The worked example for this guide is
[**Greenroom**](https://github.com/FourthwallHQ/fourthwall-examples/tree/main/examples/agency),
an agency console you can read end to end.

<Note>
  The Channel API requires **special access** — it is **invite only** and
  currently in **beta**. Your channel must be granted access by Fourthwall, which
  provisions a dedicated agency-bound `channel.*` client for it;
  [reach out](mailto:support@fourthwall.com) to request access. See
  [Authentication](/channel-api/authentication).
</Note>

## One secret, three faces

The single agency secret authenticates **three different ways** depending on the
call. The secret **never reaches the browser** — every `channel-api` and
`open-api` call goes through a server route that mints the token and attaches it.

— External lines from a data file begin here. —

Lemma bmul_subst_lxe_diffop e g (c : bfps K) f :
  bmul (subst_lxe e g) (diffop_coef e c f) =
  diffop_coef e (fun n k => \sum_(i < n.+1) g i * c (n - i)%N k) f.
Proof.
apply: bfps_ext => n m.
rewrite subst_lxeE bmul_xpow_subst_lxe_l {2}/diffop_coef.
case: leqP => [le_m|lt_m]; last first.
  apply: big1 => i _; rewrite /diffop_coef mulnBl addn0 [(e * i)%N]mulnC.
  have : (i * e <= n * e)%N by rewrite leq_mul2r -ltnS ltn_ord orbT.
  move: (i * e)%N (n * e)%N lt_m => ie ne lt_m lei.
  by case: leqP => // le; case: leqP => [?|_]; [lia | rewrite mulr0].
rewrite -ffact_transform_sum mulr_sumr; apply: eq_bigr => i _.
rewrite /diffop_coef mulnBl addn0 [(e * i)%N]mulnC.
have : (i * e <= n * e)%N by rewrite leq_mul2r -ltnS ltn_ord orbT.
move: (i * e)%N (n * e)%N le_m => ie ne le_m lei.
rewrite !ifT; try lia.
by rewrite (_ : (m - ie - (ne - ie) = m - ne)%N) 1?mulrCA //; lia.
Qed.

Lemma bmul_in_fst_bexp_snd g phi n k :
  bmul (in_fst g) (bexp_snd phi) n k =
  \sum_(i < n.+1) g i * ((k`!%:R)^-1 * fps_pow phi k (n - i)%N).
Proof.
apply: eq_bigr => i _; rewrite big_ord_recl big1 ?addr0 /in_fst /bexp_snd /= ?subn0 //.
by move=> j _; rewrite mul0r.
Qed.

Lemma rhs_iiE e g phi f :
  rhs_ii e g phi f = diffop_coef e (bmul (in_fst g) (bexp_snd phi)) f.
Proof.
rewrite /rhs_ii taylor_comp_subst_lxe bmul_subst_lxe_diffop.
by congr (diffop_coef _ _ _); apply: bfps_ext => n k; rewrite bmul_in_fst_bexp_snd.
Qed.

End RightSide.

Theorem mainTheorem2 (K : fieldType) (HK : [pchar K] =i pred0)
  (e : nat) (Om : lincomb K)
  (HOm : all (fun aw => (count is_a aw.2 == 1%N) && (weight aw.2 == e%:Z)) Om)
  (g phi : fps K) :
  (* (i) sum_{n,k} S_Omega(n,k) x^n/n! y^k = g(x) e^{y phi(x)} *)
  (forall n k : nat,
      S_Omega e Om n k / n`!%:R = bmul (in_fst g) (bexp_snd phi) n k)
  <->
  (* (ii) for all f, U_lambda[f](x) = g(lambda x^e) f(x(1+phi(lambda x^e))) *)
  (forall (f : fps K) (n : nat) (m : int),
      U_coef Om f n m =
      match m with Posz mm => rhs_ii e g phi f n mm | Negz _ => 0 end).
Proof.
have HOm_e : all (fun aw => weight aw.2 == e%:Z) Om by apply: sub_all HOm => aw /andP[].
split=> [Scoef f n [mm|mm] | Ucoef]; rewrite ?(U_coefE HOm_e) //.
  by rewrite rhs_iiE; congr (diffop_coef _ _ _ _ _); exact: bfps_ext.
apply: (diffop_coef_inj (e := e) HK) => f n m.
by move: (Ucoef f n m); rewrite (U_coefE HOm_e) rhs_iiE.
Qed.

| Face            | Authenticates with                   | Operates on                         |
| --------------- | ------------------------------------ | ----------------------------------- |
| **channel-api** | bearer token alone                   | the agency channel + its bound shop |
| **open-api**    | bearer token **+ `X-ShopId`** header | one ownership-checked subaccount    |
| **publicToken** | a browser-safe storefront token      | the live shop, read-only            |

`X-ShopId` is ownership-checked upstream: a missing or unowned shop id is
rejected, so you can only ever act on a shop your agency manages.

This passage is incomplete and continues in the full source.